Кивнув на столик, где дымился стакан чаю, она сказала:
- Попробуйте. Наверное, еще не остыл.
- Спасибо. Могу предложить морошку.
- Нет. Благодарю. Осенняя ягода - на любителя…
Артем принялся завтракать, поглядывая в окно, где солдаты эшелона облепили ближайшие сопки, собирая в котелки бруснику. Шипение Имандры и гудение ветра, дующего с хибинских отрогов, едва слышались в купе.
Женщина старательно возилась с пакетом. Желая завязать разговор и не зная с чего начать, Артем заметил:
- Небольшой же у вас багаж в дорогу. Просто позавидуешь.
- А я не люблю таскаться с вещами, - ответила спутница, как показалось Артему, даже сердито. - Здесь только книги… Послушайте, лейтенант, - спросила она, - может, у вас найдется бечевка?
Бечевка у лейтенанта нашлась, и он сам взялся помочь женщине.
- Мы, моряки, - похвастал Артем, - мы это умеем лучше женщин. И узлы, которые мы вяжем, загадочны, как людские судьбы…
- Не хвалитесь, пожалуйста, - улыбнулась женщина, - я морские узлы вяжу ничуть не хуже вашего. У меня муж - моряк…
Пеклеванный взялся за дело обстоятельно. Он распутал пакет от бумаги и увидел, что в нем лежит несколько экземпляров одной и той же книги.
- "Промысловая разведка в Баренцевом море в условиях военного времени", - прочитал Артем вслух и почти восхищенно добавил: - Война длится всего два года, а кое-кто, оказывается, уже приобрел опыт ловли рыбы в военных условиях…
- Кое-кто, - снова улыбнулась женщина, закуривая папиросу.
- А вы случайно не библиотекарь? - спросил Артем. Спутница, немного помедлив, вскинула на Артема серые глаза, не сразу ответила:
- Нет.

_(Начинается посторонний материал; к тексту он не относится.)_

(* Let $n\ge2$ and $0\le k<n$. The number of ASM-recurrent configurations $c$ on the fan graph $F_n$ with $\mathrm{level}(c)=k$ is $$\sum_{r=0}^{n-k-1}\binom{n-k-1}{r}\binom{r+k}{r}.$$
   Context: $F_n$: path on $[n]$ (edges $\{i,i+1\}$) plus a sink $0$ adjacent to all of $[n]$. Sandpile setting: configurations $c\in\mathbb{Z}_{\ge0}^n$, stable iff $c_i<\deg(i)$ (on $F_n$: $c\in\{0,1,2\}^n$, $c_1,c_n\le1$). ASM: an unstable vertex loses $\deg(i)$ grains and sends one to each neighbour (grains to the sink vanish); Markov chain adds a grain at a random vertex (fully supported distribution) and stabilises; ASM-recurrent = recurrent state. Known: stable $c$ on $F_n$ is ASM-recurrent iff for all $i<j$ with $c_i=c_j=0$ some $i<k<j$ has $c_k=2$. $\mathrm{level}(c)=\sum_i c_i-(n-1)$. *)

From Stdlib Require Import Relations.
From mathcomp Require Import all_boot all_order all_algebra.
Set Implicit Arguments. Unset Strict Implicit. Unset Printing Implicit Defensive.

(* Fan graph F_n: non-sink vertices 1..n are encoded as i : 'I_n (vertex i+1);
   path edges {i,i+1}; every non-sink vertex is also adjacent to the sink 0. *)

Definition config (n : nat) := {ffun 'I_n -> nat}.

Definition fan_adj (n : nat) (i j : 'I_n) : bool :=
  (i.+1 == j :> nat) || (j.+1 == i :> nat).

Definition fan_deg (n : nat) (i : 'I_n) : nat :=
  1 + #|[pred j : 'I_n | fan_adj i j]|.

Definition stable (n : nat) (c : config n) : Prop :=
  forall i : 'I_n, c i < fan_deg i.

Definition topple_step (n : nat) (c c' : config n) : Prop :=
  exists i : 'I_n, fan_deg i <= c i /\
    c' = [ffun j => if j == i then c j - fan_deg i else c j + fan_adj i j].

Definition stabilizes (n : nat) (a b : config n) : Prop :=
  clos_refl_trans (config n) (@topple_step n) a b /\ stable b.

Definition add_grain (n : nat) (c : config n) (i : 'I_n) : config n :=
  [ffun j => c j + (j == i)].

(* support of the ASM Markov chain (distribution fully supported) *)
Definition asm_step (n : nat) (c c' : config n) : Prop :=
  stable c /\ exists i : 'I_n, stabilizes (add_grain c i) c'.

Definition asm_reach (n : nat) := clos_refl_trans (config n) (@asm_step n).

(* recurrent state of the finite Markov chain on stable configurations *)
Definition asm_recurrent (n : nat) (c : config n) : Prop :=
  stable c /\ forall c', asm_reach c c' -> asm_reach c' c.

Definition level (n : nat) (c : config n) : int :=
  ((\sum_(i < n) c i)%:Z - (n.-1)%:Z)%R.

Definition to_config (n : nat) (c : {ffun 'I_n -> 'I_3}) : config n :=
  [ffun i => nat_of_ord (c i)].

From Stdlib Require Import Relations.
From mathcomp Require Import all_boot all_order all_algebra zify.
Set Implicit Arguments. Unset Strict Implicit. Unset Printing Implicit Defensive.

(* Toppling is terminating and locally confluent, hence abelian; with it one
   shows that a stable configuration is recurrent iff it is reachable from the
   maximal one, iff it contains no forbidden subconfiguration (Dhar's burning
   criterion).  On the fan, where the non-sink vertices form a path, a
   forbidden subconfiguration always contains a run of vertices with zeros at
   both ends and no 2 in between, so the recurrent configurations of level [k]
   are the words over {0, 1, 2} of length [n] and sum [n - 1 + k] that neither
   begin nor end with 2 and have a 2 between any two zeros.  A four-state
   automaton recognises these words; counting its accepted words by length and
   sum gives, in the coordinates [(a, b) = (n - 1 - k, k)], the recurrences
   also satisfied by [\sum_r 'C(a, r) * 'C(r + b, r)]. *)

Section Newman.
Variables (T : Type) (R : relation T) (weight : T -> nat).
Local Notation "a ->* b" := (clos_refl_trans T R a b) (at level 70).

Definition normal (a : T) := forall b, ~ R a b.

Hypothesis R_weight : forall a b, R a b -> weight b < weight a.
Hypothesis R_local_confluent : forall a b c, R a b -> R a c ->
  exists2 d, b ->* d & c ->* d.
Hypothesis normal_form_exists : forall a, exists2 b, a ->* b & normal b.

Lemma normal_form_unique a b c : a ->* b -> normal b -> a ->* c -> normal c -> b = c.
Proof.
have [m] := ubnP (weight a).
elim: m a b c => // m IH a b c ha
  /clos_rt_rt1n_iff [|a1 {}b ab1 b1b] nb /clos_rt_rt1n_iff [|a2 {}c ac2 c2c] nc //;
  try by [case: (nb _ ac2) | case: (nc _ ab1)].
have [d bd cd] := R_local_confluent ab1 ac2.
have [e de ne] := normal_form_exists d.
have lt1 : weight a1 < m by have := R_weight ab1; lia.
have lt2 : weight a2 < m by have := R_weight ac2; lia.
have -> : b = e.
  by apply: (IH a1) => //; [exact/clos_rt_rt1n_iff | exact: rt_trans bd de].
by apply/esym; apply: (IH a2) => //; [exact/clos_rt_rt1n_iff | exact: rt_trans cd de].
Qed.

End Newman.

Notation "a ~>* b" := (clos_refl_trans _ (@topple_step _) a b) (at level 70).

Section Toppling.
Variable n : nat.
Implicit Types (a b c x : config n) (i j : 'I_n).

Definition topple c i : config n :=
  [ffun j => if j == i then c j - fan_deg i else c j + fan_adj i j].
Definition addcf c x : config n := [ffun j => c j + x j].
Definition csum c := \sum_(i < n) c i.

Lemma fan_adjnn i : fan_adj i i = false.
Proof. by apply/negbTE; rewrite negb_or; apply/andP; split; apply/eqP; lia. Qed.

Lemma fan_adjC i j : fan_adj i j = fan_adj j i.
Proof. by rewrite /fan_adj orbC. Qed.

Lemma topple_stepE c c' :
  topple_step c c' <-> exists2 i, fan_deg i <= c i & c' = topple c i.
Proof. by split => [[i [h ->]]|[i h ->]]; exists i. Qed.

Lemma csum_topple c i : fan_deg i <= c i -> (csum (topple c i)).+1 = csum c.
Proof.
move=> hi; rewrite /csum (bigD1 i) //= [in RHS](bigD1 i) //= ffunE eqxx.
have -> : \sum_(j < n | j != i) topple c i j =
    \sum_(j < n | j != i) c j + \sum_(j < n | j != i) (fan_adj i j : nat).
  by rewrite -big_split; apply: eq_bigr => j /negbTE ji; rewrite ffunE ji.
have -> : \sum_(j < n | j != i) (fan_adj i j : nat) = #|[pred j | fan_adj i j]|.
  rewrite -sum1_card [RHS]big_mkcond [RHS](bigD1 i) //= inE fan_adjnn add0n.
  by apply: eq_bigr => j _; rewrite inE; case: (fan_adj i j).
move: hi; rewrite /fan_deg; set s := (\sum_(j < n | j != i) c j); set t := #|_|; lia.
Qed.

Lemma stable_normal c : stable c -> normal (@topple_step n) c.
Proof. by move=> sc c' /topple_stepE [i hi _]; have := sc i; lia. Qed.

Lemma stabilization_exists a : exists2 b, a ~>* b & stable b.
Proof.
have [m] := ubnP (csum a); elim: m a => // m IH a ha.
case: (boolP [forall i, a i < fan_deg i]) => [/forallP sa|].
  by exists a; first exact: rt_refl.
move/forallPn => [i]; rewrite -leqNgt => hi; have hs := csum_topple hi.
have [b ab sb] := IH (topple a i) ltac:(lia).
by exists b => //; apply: rt_trans ab; apply: rt_step; exists i.
Qed.

Lemma topple_comm c i j : fan_deg i <= c i -> fan_deg j <= c j ->
  topple (topple c i) j = topple (topple c j) i.
Proof.
move=> hi hj; case: (eqVneq i j) => [-> //|ij]; apply/ffunP => x; rewrite !ffunE.
have ji : (j == i) = false by rewrite eq_sym (negbTE ij).
case: (eqVneq x i) => [->|xi]; rewrite ?(negbTE ij) /=; first lia.
by case: (eqVneq x j) => [->|xj]; rewrite ?ji ?(negbTE xi) /=; lia.
Qed.

Lemma topple_local_confluent a b c : topple_step a b -> topple_step a c ->
  exists2 d, b ~>* d & c ~>* d.
Proof.
move=> /topple_stepE [i hi ->] /topple_stepE [j hj ->].
case: (eqVneq i j) => [-> | ij]; first by exists (topple a j); apply: rt_refl.
exists (topple (topple a i) j); apply: rt_step; last rewrite topple_comm //.
  by exists j; split; rewrite // ffunE eq_sym (negbTE ij); lia.
by exists i; split; rewrite // ffunE (negbTE ij); lia.
Qed.

Lemma stabilization_unique a b b' :
  a ~>* b -> stable b -> a ~>* b' -> stable b' -> b = b'.
Proof.
move=> ab sb ab' sb'.
apply: (@normal_form_unique _ _ csum _ topple_local_confluent) ab _ ab' _;
  try exact: stable_normal.
- by move=> c c' /topple_stepE [i hi ->]; rewrite -(csum_topple hi).
- by move=> c; have [d cd sd] := stabilization_exists c; exists d => //; apply: stable_normal.
Qed.

Lemma stable_topples a b : stable a -> a ~>* b -> b = a.
Proof. by move=> sa /clos_rt_rt1n_iff [// | a1 y /(stable_normal sa)]. Qed.

Lemma topple_addcf c x i : fan_deg i <= c i ->
  topple (addcf c x) i = addcf (topple c i) x.
Proof. by move=> h; apply/ffunP => j; rewrite !ffunE; case: (eqVneq j i) => [->|_]; lia. Qed.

Я как раз автор этой книги. Прошу только не счесть это признание за нескромность. Это уж как бы в порядке знакомства…
- Вы? - недоверчиво спросил Артем. - Странно…
- Ну да. А что же тут странного? Я работаю в Опытном институте рыбного хозяйства, - почти официально ответила она.

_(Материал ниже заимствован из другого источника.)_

(* For every $N\ge1$ and every $\alpha\in\mathbb{S}_m$, $w^{St}_{\mathfrak{so}(N)}(\alpha)=\sum_{s:[m]\to\{1,-1\}}\operatorname{sign}(s)\,N^{f(\alpha_s)-1}$, the sum running over all $2^m$ states $s$ of $\alpha$.
   Context: For $1\le i\le N$, $\bar i=N+1-i$, $F_{ij}=E_{ij}-E_{\bar j\bar i}$ ($E_{ij}$ matrix units), spanning $\mathfrak{so}(N)$; $w_{\mathfrak{so}(N)}(\alpha)=\sum_{i_1,\dots,i_m=1}^N F_{i_1i_{\alpha(1)}}\cdots F_{i_mi_{\alpha(m)}}\in U(\mathfrak{so}(N))$. $w^{St}_{\mathfrak{so}(N)}(\alpha)=\frac1N\operatorname{Tr}\rho(w_{\mathfrak{so}(N)}(\alpha))$, where $\rho:U(\mathfrak{so}(N))\to\mathrm{Mat}_N(\mathbb{C})$ extends the standard (matrix) representation. A state of $\alpha\in\mathbb{S}_m$ is a map $s:[m]\to\{1,-1\}$; $\operatorname{sign}(s)=(-1)^{\#s^{-1}(-1)}$. The number $f(\alpha_s)$ is defined as the number of connected components of the following graph $G$ in which every vertex has degree 2: vertices $l^-,l^+$ for $l\in[m]$; ''loop'' edges $l^+\!-\!(l+1)^-$ for $1\le l<m$ and $m^+\!-\!1^-$; and for each $l\in[m]$ an ''arrow'' edge joining the tail point of $l$ with the head point of $\alpha(l)$, where for a leg $l$ with $s(l)=1$ the head point is $l^-$ and the tail point is $l^+$, and for $s(l)=-1$ the head point is $l^+$ and the tail point is $l^-$. (This is the number of boundary components of the possibly non-orientable hypermap surface of $\alpha$ in which hyperedge attachments at legs of state $-1$ are half-twisted.) *)

From mathcomp Require Import all_boot all_order all_algebra all_fingroup.
Set Implicit Arguments. Unset Strict Implicit. Unset Printing Implicit Defensive.
Import GRing.Theory Num.Theory.
Local Open Scope ring_scope.

(* Standard representation of so(N): rho(F_ij) = E_ij - E_{jbar ibar},
   with ibar = N+1-i, i.e. rev_ord i on 0-based indices. *)
Definition rhoF (N : nat) (i j : 'I_N) : 'M[rat]_N :=
  delta_mx i j - delta_mx (rev_ord j) (rev_ord i).

(* rho(w_{so(N)}(alpha)) : the image under the (algebra morphism) rho of
   sum_{i_1..i_m} F_{i_1 i_alpha(1)} ... F_{i_m i_alpha(m)}. *)
Definition rho_w (N m : nat) (alpha : 'S_m) : 'M[rat]_N :=
  \sum_(t : {ffun 'I_m -> 'I_N}) \prod_(l < m) rhoF (t l) (t (alpha l)).

Definition wSt (N m : nat) (alpha : 'S_m) : rat :=
  (N%:R)^-1 * \tr (rho_w N alpha).

Definition state (m : nat) := {ffun 'I_m -> bool}.
Definition state_val m (s : state m) (l : 'I_m) : int := if s l then 1 else -1.

Definition state_sign m (s : state m) : rat :=
  (-1) ^+ #|[set l | state_val s l == -1]|.

(* vertices l^- = (l, false), l^+ = (l, true) *)
Definition vtx (m : nat) := ('I_m * bool)%type.

Definition head_pt m (s : state m) (l : 'I_m) : vtx m :=
  if state_val s l == 1 then (l, false) else (l, true).
Definition tail_pt m (s : state m) (l : 'I_m) : vtx m :=
  if state_val s l == 1 then (l, true) else (l, false).

(* loop edges l^+ -- (l+1)^- (cyclically, m^+ -- 1^-) *)
Definition loop_edge m (x y : vtx m) : bool :=
  x.2 && (y == (ordS x.1, false)).
Definition arrow_edge m (alpha : 'S_m) (s : state m) (x y : vtx m) : bool :=
  [exists l : 'I_m, (x == tail_pt s l) && (y == head_pt s (alpha l))].

Definition adjG m (alpha : 'S_m) (s : state m) : rel (vtx m) :=
  fun x y => [|| loop_edge x y, loop_edge y x,
               arrow_edge alpha s x y | arrow_edge alpha s y x].

Definition f_comp m (alpha : 'S_m) (s : state m) : nat :=
  #|[set [set y | connect (adjG alpha s) x y] | x : vtx m]|.

From mathcomp Require Import all_boot all_order all_algebra all_fingroup.
Import GRing.Theory Num.Theory.
Set Implicit Arguments. Unset Strict Implicit.

(* Expanding each factor rho(F_{i, alpha i}) = E_{i, alpha i} - E_{bar(alpha i), bar i}
   turns Tr rho(w(alpha)) into a sum over states s of sign(s) times the number of
   index functions t for which the chosen matrix units chain cyclically, i.e. have
   a product of trace 1.  Label the vertex l^- of G by the row index and l^+ by the
   reversed column index of the unit chosen at leg l: then the labels at the two
   ends of an arrow edge are always reversed (i <-> bar i), and those at the ends of
   a loop edge are exactly when the units chain.  Every vertex of G has one loop
   neighbour and one arrow neighbour, so G is a union of even cycles and is
   bipartite; reversing the labels on one colour class identifies these labellings
   with those constant on components, of which there are N^f(alpha_s). *)

Section EdgeLabellings.
Variables (V T : finType) (e : rel V).

Definition edge_twisted (r : T -> T) : {set {ffun V -> T}} :=
  [set z : {ffun V -> T} | [forall x, forall y, e x y ==> (z y == r (z x))]].

Lemma edge_twistedP r (z : {ffun V -> T}) :
  reflect (forall x y, e x y -> z y = r (z x)) (z \in edge_twisted r).
Proof.
rewrite inE; apply: (iffP forallP) => [H x y exy | H x].
  by apply/eqP; move/forallP: (H x) => /(_ y) /implyP; apply.
by apply/forallP => y; apply/implyP => /H ->.
Qed.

- Тогда позвольте взглянуть, - робко попросил лейтенант.
- Пожалуйста, только дарить не буду. Это вам совсем неинтересно…
Повернув к себе серую невзрачную обложку, Пеклеванный сначала прочитал имя автора: "Кандидат биологических наук И. Рябинина". С любопытством перелистав несколько страниц, он хмыкнул.
В книге было много карт, чертежей, фотографий рыбных косяков, над которыми кружились птицы.
Артем невольно удивился: ведь это же чисто мужская работа, требующая от человека морских навыков, упорства, смелости. Он внимательно взглянул на спутницу и мысленно попытался увидеть ее в грубой штормовой одежде на скользкой обледенелой палубе траулера, но не смог. Как-то упорно не умещалось в сознании - эта женщина и ее профессия.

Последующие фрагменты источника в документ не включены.